FFIs must also scour their records for U.S. persons. Specifically, FFIs must search for:
- whether account holders are U.S. citizens or residents;
- unambiguous identification of a U.S. place of birth;
- a current U.S. mailing or residence address (including U.S. P.O. boxes);
- a current phone number;
- standing instructions to transfer funds to an account maintained in the U.S.;
- effective power of attorney or signatory authority granted to someone with a U.S. address; and
- an “in-care-of” or “hold mail” address that is the sole address the reporting Canadian financial institution has on file for the account holder.
In addition, a Canadian financial institution must treat any high-value account assigned to a relationship manager (including any accounts aggregated with high-value accounts) as a U.S. reportable account if the manager knows the holder is a specified U.S. person.
Under the Canadian IGA, CRA doesn’t have to report to the IRS on RRSPs, RRIFs, RESPs, TFSAs and certain other accounts under $50,000. Nonetheless, Americans in Canada still have to report and pay tax on TFSAs and RESPs, and they must make elections to defer income tax on registered accounts.CRA will be providing this information to the IRS, but Canadian authorities say they won’t collect tax or assess penalties against Americans in Canada on behalf of the IRS.
Encourage your U.S.-person clients to ensure they’re fully compliant with U.S. tax filing obligations. The IRS has two main programs for those who aren’t.
The Offshore Voluntary Disclosure Program is more onerous and punitive. In this case, taxpayers must file the previous eight years’ delinquent tax returns, a Report of Foreign Bank and Financial Accounts (FBARs), and significant supporting documentation. Penalties can be as high as 27.5% on the highest aggregate balance of foreign accounts not previously disclosed. With the streamlined program, clients must file the last three years of delinquent returns and six years of FBARs, and complete a non-filer questionnaire. To qualify for this program, the taxpayer cannot owe more than US$1,500 in tax (excluding penalties and interest) for each of the three filed tax years.
Many advisors suggest U.S. persons should renounce U.S. citizenship or give up their green cards (if held longer than 8 years) to avoid these rules, but without proper advice there could be significant income tax and U.S. lifestyle implications.
IRS rules say that if one or more of the following apply to your U.S.-person clients, they’re considered covered expatriates:
- failed to file previous five years of tax returns; or
- had a worldwide net worth of more than US$2 million; or
- had an average annual net income tax for the past five years of US$157,000.

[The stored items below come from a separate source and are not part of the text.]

(* Let $\kappa$ be a regular uncountable cardinal and assume $\kappa^{<\kappa}=\kappa$. If $(L,<_L)$ is a linear order of cardinality $>\kappa$, then Player I has a winning strategy in the game $G_\kappa(L)$. Hence, under $\kappa^{<\kappa}=\kappa$, the game $G_\kappa(L)$ is determined for every linear order $L$.
   Context: For a partial order $(A,\le)$, $X\subseteq A$ is cofinal (coinitial) in $A$ if for every $a\in A$ there is $x\in X$ with $a\le x$ ($a\ge x$); $\mathrm{cf}\,A$ ($\mathrm{ci}\,A$) is the least cardinality of a cofinal (coinitial) subset. For $R\subseteq A$ and $a\in A$ put $R\downarrow a=\{x\in R: x\le a\}$ and $R\uparrow a=\{x\in R: a\le x\}$. $R$ is a $\kappa$-subset of $A$, written $R\le_\kappa A$, if for every $a\in A$, $\mathrm{cf}(R\downarrow a)<\kappa$ and $\mathrm{ci}(R\uparrow a)<\kappa$. The game $G_\kappa(A)$: Players I and II alternately choose subsets $x_\alpha$ (by I) and $y_\alpha$ (by II) of $A$ for $\alpha<\kappa$ (in the order $x_0,y_0,x_1,y_1,\dots$), each of size $<\kappa$, such that $x_\alpha\subseteq y_\alpha$ and $\bigcup_{\nu<\alpha}y_\nu\subseteq x_\alpha$. Player II wins the play iff $R=\bigcup_{\alpha<\kappa}x_\alpha=\bigcup_{\alpha<\kappa}y_\alpha$ satisfies $R\le_\kappa A$; otherwise Player I wins. The game is determined if one of the players has a winning strategy. *)

(* Sets are predicates [A -> Prop].
   The cardinal kappa is represented by a type K with a strict well-order
   [ltK] which is an initial ordinal (von Neumann cardinal). *)

Set Implicit Arguments.

Definition strict_well_order (K : Type) (ltK : K -> K -> Prop) : Prop :=
  (forall a, ~ ltK a a) /\
  (forall a b c, ltK a b -> ltK b c -> ltK a c) /\
  (forall a b, ltK a b \/ a = b \/ ltK b a) /\
  well_founded ltK.

(* |S| < kappa : S injects into a proper initial segment {beta | beta < alpha}
   of kappa (for a cardinal kappa this is exactly |S| < kappa) *)
Definition small (K : Type) (ltK : K -> K -> Prop) (A : Type) (S : A -> Prop)
  : Prop :=
  exists (alpha : K) (f : A -> K),
    (forall x y, S x -> S y -> f x = f y -> x = y) /\
    (forall x, S x -> ltK (f x) alpha).

Definition regular_uncountable_cardinal (K : Type) (ltK : K -> K -> Prop)
  : Prop :=
  strict_well_order ltK /\
  (* cardinal: K is not equinumerous to (does not inject into) a smaller ordinal *)
  ~ small ltK (fun _ : K => True) /\
  ~ (exists f : K -> nat, forall a b, f a = f b -> a = b) /\
  (forall S : K -> Prop, small ltK S -> exists alpha, forall beta, S beta -> ltK beta alpha).

(* kappa^{<kappa} = kappa : the set {(alpha, f) | alpha < kappa, f : alpha -> kappa}
   injects into kappa (the reverse inequality is trivial).  A function on the
   segment alpha is represented by any f : K -> K, two being identified when they
   agree below alpha. *)
Definition kappa_lt_kappa_eq_kappa (K : Type) (ltK : K -> K -> Prop) : Prop :=
  exists e : K -> (K -> K) -> K,
    forall alpha alpha' f f',
      e alpha f = e alpha' f' ->
      alpha = alpha' /\ (forall beta, ltK beta alpha -> f beta = f' beta).

Definition linear_order (L : Type) (le : L -> L -> Prop) : Prop :=
  (forall x, le x x) /\
  (forall x y, le x y -> le y x -> x = y) /\
  (forall x y z, le x y -> le y z -> le x z) /\
  (forall x y, le x y \/ le y x).

Section Orders.
Variables (K : Type) (ltK : K -> K -> Prop) (A : Type) (le : A -> A -> Prop).

Definition cofinal_in (B X : A -> Prop) : Prop :=
  (forall x, X x -> B x) /\ (forall b, B b -> exists x, X x /\ le b x).
Definition coinitial_in (B X : A -> Prop) : Prop :=
  (forall x, X x -> B x) /\ (forall b, B b -> exists x, X x /\ le x b).

Definition down (R : A -> Prop) (a : A) : A -> Prop := fun x => R x /\ le x a.
Definition up (R : A -> Prop) (a : A) : A -> Prop := fun x => R x /\ le a x.

Definition kappa_subset (R : A -> Prop) : Prop :=
  forall a : A,
    (exists X, cofinal_in (down R a) X /\ small ltK X) /\
    (exists X, coinitial_in (up R a) X /\ small ltK X).

(* a (partial) play: x alpha = move of I at stage alpha, y alpha = move of II *)
Definition trunc (alpha : K) (z : K -> A -> Prop) : K -> A -> Prop :=
  fun nu a => ltK nu alpha /\ z nu a.

Definition union_below (alpha : K) (y : K -> A -> Prop) : A -> Prop :=
  fun a => exists nu, ltK nu alpha /\ y nu a.

Definition legalI (x y : K -> A -> Prop) (alpha : K) : Prop :=
  small ltK (x alpha) /\ (forall a, union_below alpha y a -> x alpha a).

Definition legalII (x y : K -> A -> Prop) (alpha : K) : Prop :=
  small ltK (y alpha) /\ (forall a, x alpha a -> y alpha a).

Definition play_result (x : K -> A -> Prop) : A -> Prop :=
  fun a => exists alpha, x alpha a.

(* Strategy of I: from the history (moves strictly before alpha) to x_alpha. *)
Definition strategyI := K -> (K -> A -> Prop) -> (K -> A -> Prop) -> (A -> Prop).
(* Strategy of II: from the history and the current move x_alpha to y_alpha. *)
Definition strategyII :=
  K -> (K -> A -> Prop) -> (K -> A -> Prop) -> (A -> Prop) -> (A -> Prop).

Definition follows_I (s : strategyI) (x y : K -> A -> Prop) : Prop :=
  forall alpha, x alpha = s alpha (trunc alpha x) (trunc alpha y).

Definition follows_II (t : strategyII) (x y : K -> A -> Prop) : Prop :=
  forall alpha, y alpha = t alpha (trunc alpha x) (trunc alpha y) (x alpha).

(* I wins a play if II breaks a rule first, or all moves are legal and the
   result is not a kappa-subset. *)
Definition winning_I (s : strategyI) : Prop :=
  forall x y, follows_I s x y ->
    (forall alpha, (forall beta, ltK beta alpha -> legalII x y beta) ->
                   legalI x y alpha) /\
    ((forall alpha, legalII x y alpha) -> ~ kappa_subset (play_result x)).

A covered expatriate is subject to the deemed sale (known as the mark-to-market tax) of all of his property (exclusive of deferred compensation items) at fair market value upon the date of expatriation. An exemption of US$680,000 could be applied to unrealized gains. An additional tax of 30% applies to Deferred Compensation Items such as U.S. and Canadian retirement plans. If your American-in-Canada clients aren’t worth more than $2 million, but haven’t been compliant with the IRS for the last five years, they will be considered covered expatriates and could face these additional U.S. taxes.
Since these taxes are deemed and applied on the date of expatriation in the U.S., and not in Canada, no foreign tax credit would likely be available under Canadian tax rules. And proposed U.S. immigration laws would bar any expatriating U.S. person from returning to the U.S. under any circumstance. So, caution your clients before they consider going this route.
By Terry F. Ritchie, director of Cross-Border Wealth Services for Cardinal Point Wealth Management. He’s also an Enrolled Agent with the U.S. Internal Revenue Service.